## What is being asked
The entries that follow are to be duplicated in full, character for character.

[Start of Attachment]

(* A vertex w of the hull outside S would let us move the tree edge [x y] to
   [x w] (or [y w]): the result is still a host tree of G, but S is no longer
   connected in it. *)
Lemma hull_subset (V : finType) (G : seq {set V}) E S (x y : V) :
  host_tree G E -> host_connected G S -> [set x; y] \in E -> x \in S -> y \in S ->
  hull G [set x; y] \subset S.
Proof.
move=> [E_tree G_conn] S_conn xy_E xS yS; apply/subsetP => w w_hull.
apply/negPn/negP => wS.
have {w_hull} w_f f : f \in G -> x \in f -> y \in f -> w \in f.
  by move=> fG xf yf; move/bigcapP: w_hull; apply; rewrite fG subUset !sub1set xf yf.
wlog x_notto_w : x y xy_E xS yS w_f / ~~ connect (adj (E :\ [set x; y])) x w.
  move=> exchange_at.
  have [x_to_w | ] := boolP (connect (adj (E :\ [set x; y])) x w);
    last exact: exchange_at.
  have yx_E : [set y; x] = [set x; y] by rewrite setUC.
  apply: (exchange_at y x); rewrite ?yx_E //; first by move=> f fG yf xf; apply: w_f.
  apply: contra (tree_all_bridges E_tree xy_E) => y_to_w.
  by apply: connect_trans x_to_w _; rewrite connect_adj_sym.
have x_neq_w : x != w by apply: contraNneq wS => <-.
apply: (exchange_not_induces_connected E_tree xy_E xS yS wS (S_conn _ _)).
split; first exact: exchange_tree.
by move=> f fG; apply: exchange_induces_connected => //; [apply: G_conn | apply: w_f].
Qed.

Section HullDecomposition.
Variable V : finType.
Implicit Types (E : {set {set V}}) (S e f : {set V}) (F G : seq {set V}).
Implicit Types (u v x y z : V).

Lemma subset_hull G e : e \subset hull G e.
Proof. by apply/bigcapsP => f /andP[]. Qed.

Lemma hull_ok G e : e != set0 -> add_ok G (hull G e) /\ remove_ok G (hull G e).
Proof.
move=> e_ne; have hull_ne : hull G e != set0.
  case/set0Pn: e_ne => z ze; apply/set0Pn; exists z.
  exact: subsetP (subset_hull G e) z ze.
have hull_eq : hull G e = \bigcap_(f <- [seq f : {set V} <- G | e \subset f]) f.
  by rewrite bigcap_seq; apply: eq_bigl => f; rewrite mem_filter andbC.
rewrite hull_eq in hull_ne *.
have G_e : all (mem G) [seq f : {set V} <- G | e \subset f].
  by apply/allP => f; rewrite mem_filter => /andP[].
case: [seq f : {set V} <- G | e \subset f] G_e hull_ne => [|f F] G_e hull_ne.
  by rewrite big_nil; split; right; left.
by split; do 3 right; left; exists (f :: F); split.
Qed.

Lemma induced_edge_through E S z : induces_connected E S -> 1 < #|S| -> z \in S ->
  exists2 e, e \in E & (z \in e) && (e \subset S).
Proof.
move=> S_conn S_gt1 zS.
have /card_gt0P[t /setD1P[t_neq_z tS]] : 0 < #|S :\ z|.
  by move: S_gt1; rewrite (cardsD1 z S) zS add1n ltnS.
have /connectP[[|y p] /= z_path t_last] := S_conn z t zS tS.
  by rewrite t_last eqxx in t_neq_z.
case/andP: z_path => /and3P[_ yS zy] _.
by exists [set z; y] => //; rewrite set21 subUset !sub1set zS yS.
Qed.

Lemma connected_family_of_edges E S F : induces_connected E S ->
  (forall u v, induced_adj E S u v ->
     exists k : 'I_(size F), (u \in nth set0 F k) && (v \in nth set0 F k)) ->
  (forall k : 'I_(size F), exists2 z, z \in S & z \in nth set0 F k) ->
  connected_family F.
Proof.
move=> S_conn edge_in meets_S i j.
have [zi zi_S zi_i] := meets_S i; have [zj zj_S zj_j] := meets_S j.
suff reach v : connect (induced_adj E S) zi v -> forall k : 'I_(size F),
    v \in nth set0 F k ->
    connect (fun a b : 'I_(size F) => nth set0 F a :&: nth set0 F b != set0) i k.
  exact: reach (S_conn _ _ zi_S zj_S) j zj_j.
move=> /connectP[p p_path ->] {v}; elim/last_ind: p p_path => [|p z IH] /=.
  by move=> _ k zi_k; apply: connect1; apply/set0Pn; exists zi; rewrite inE zi_i.
rewrite rcons_path last_rcons => /andP[p_path /edge_in[k0 /andP[u_k0 z_k0]]] k z_k.
apply: connect_trans (IH p_path k0 u_k0) (connect1 _).
by apply/set0Pn; exists z; rewrite inE z_k0.
Qed.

[End of Attachment]

## Reply
(* A vertex w of the hull outside S would let us move the tree edge [x y] to
   [x w] (or [y w]): the result is still a host tree of G, but S is no longer
   connected in it. *)
Lemma hull_subset (V : finType) (G : seq {set V}) E S (x y : V) :
  host_tree G E -> host_connected G S -> [set x; y] \in E -> x \in S -> y \in S ->
  hull G [set x; y] \subset S.
Proof.
move=> [E_tree G_conn] S_conn xy_E xS yS; apply/subsetP => w w_hull.
apply/negPn/negP => wS.
have {w_hull} w_f f : f \in G -> x \in f -> y \in f -> w \in f.
  by move=> fG xf yf; move/bigcapP: w_hull; apply; rewrite fG subUset !sub1set xf yf.
wlog x_notto_w : x y xy_E xS yS w_f / ~~ connect (adj (E :\ [set x; y])) x w.
  move=> exchange_at.
  have [x_to_w | ] := boolP (connect (adj (E :\ [set x; y])) x w);
    last exact: exchange_at.
  have yx_E : [set y; x] = [set x; y] by rewrite setUC.
  apply: (exchange_at y x); rewrite ?yx_E //; first by move=> f fG yf xf; apply: w_f.
  apply: contra (tree_all_bridges E_tree xy_E) => y_to_w.
  by apply: connect_trans x_to_w _; rewrite connect_adj_sym.
have x_neq_w : x != w by apply: contraNneq wS => <-.
apply: (exchange_not_induces_connected E_tree xy_E xS yS wS (S_conn _ _)).
split; first exact: exchange_tree.
by move=> f fG; apply: exchange_induces_connected => //; [apply: G_conn | apply: w_f].
Qed.

Section HullDecomposition.
Variable V : finType.
Implicit Types (E : {set {set V}}) (S e f : {set V}) (F G : seq {set V}).
Implicit Types (u v x y z : V).

Lemma subset_hull G e : e \subset hull G e.
Proof. by apply/bigcapsP => f /andP[]. Qed.

Lemma hull_ok G e : e != set0 -> add_ok G (hull G e) /\ remove_ok G (hull G e).
Proof.
move=> e_ne; have hull_ne : hull G e != set0.
  case/set0Pn: e_ne => z ze; apply/set0Pn; exists z.
  exact: subsetP (subset_hull G e) z ze.
have hull_eq : hull G e = \bigcap_(f <- [seq f : {set V} <- G | e \subset f]) f.
  by rewrite bigcap_seq; apply: eq_bigl => f; rewrite mem_filter andbC.
rewrite hull_eq in hull_ne *.
have G_e : all (mem G) [seq f : {set V} <- G | e \subset f].
  by apply/allP => f; rewrite mem_filter => /andP[].
case: [seq f : {set V} <- G | e \subset f] G_e hull_ne => [|f F] G_e hull_ne.
  by rewrite big_nil; split; right; left.
by split; do 3 right; left; exists (f :: F); split.
Qed.

Lemma induced_edge_through E S z : induces_connected E S -> 1 < #|S| -> z \in S ->
  exists2 e, e \in E & (z \in e) && (e \subset S).
Proof.
move=> S_conn S_gt1 zS.
have /card_gt0P[t /setD1P[t_neq_z tS]] : 0 < #|S :\ z|.
  by move: S_gt1; rewrite (cardsD1 z S) zS add1n ltnS.
have /connectP[[|y p] /= z_path t_last] := S_conn z t zS tS.
  by rewrite t_last eqxx in t_neq_z.
case/andP: z_path => /and3P[_ yS zy] _.
by exists [set z; y] => //; rewrite set21 subUset !sub1set zS yS.
Qed.

Lemma connected_family_of_edges E S F : induces_connected E S ->
  (forall u v, induced_adj E S u v ->
     exists k : 'I_(size F), (u \in nth set0 F k) && (v \in nth set0 F k)) ->
  (forall k : 'I_(size F), exists2 z, z \in S & z \in nth set0 F k) ->
  connected_family F.
Proof.
move=> S_conn edge_in meets_S i j.
have [zi zi_S zi_i] := meets_S i; have [zj zj_S zj_j] := meets_S j.
suff reach v : connect (induced_adj E S) zi v -> forall k : 'I_(size F),
    v \in nth set0 F k ->
    connect (fun a b : 'I_(size F) => nth set0 F a :&: nth set0 F b != set0) i k.
  exact: reach (S_conn _ _ zi_S zj_S) j zj_j.
move=> /connectP[p p_path ->] {v}; elim/last_ind: p p_path => [|p z IH] /=.
  by move=> _ k zi_k; apply: connect1; apply/set0Pn; exists zi; rewrite inE zi_i.
rewrite rcons_path last_rcons => /andP[p_path /edge_in[k0 /andP[u_k0 z_k0]]] k z_k.
apply: connect_trans (IH p_path k0 u_k0) (connect1 _).
by apply/set0Pn; exists z; rewrite inE z_k0.
Qed.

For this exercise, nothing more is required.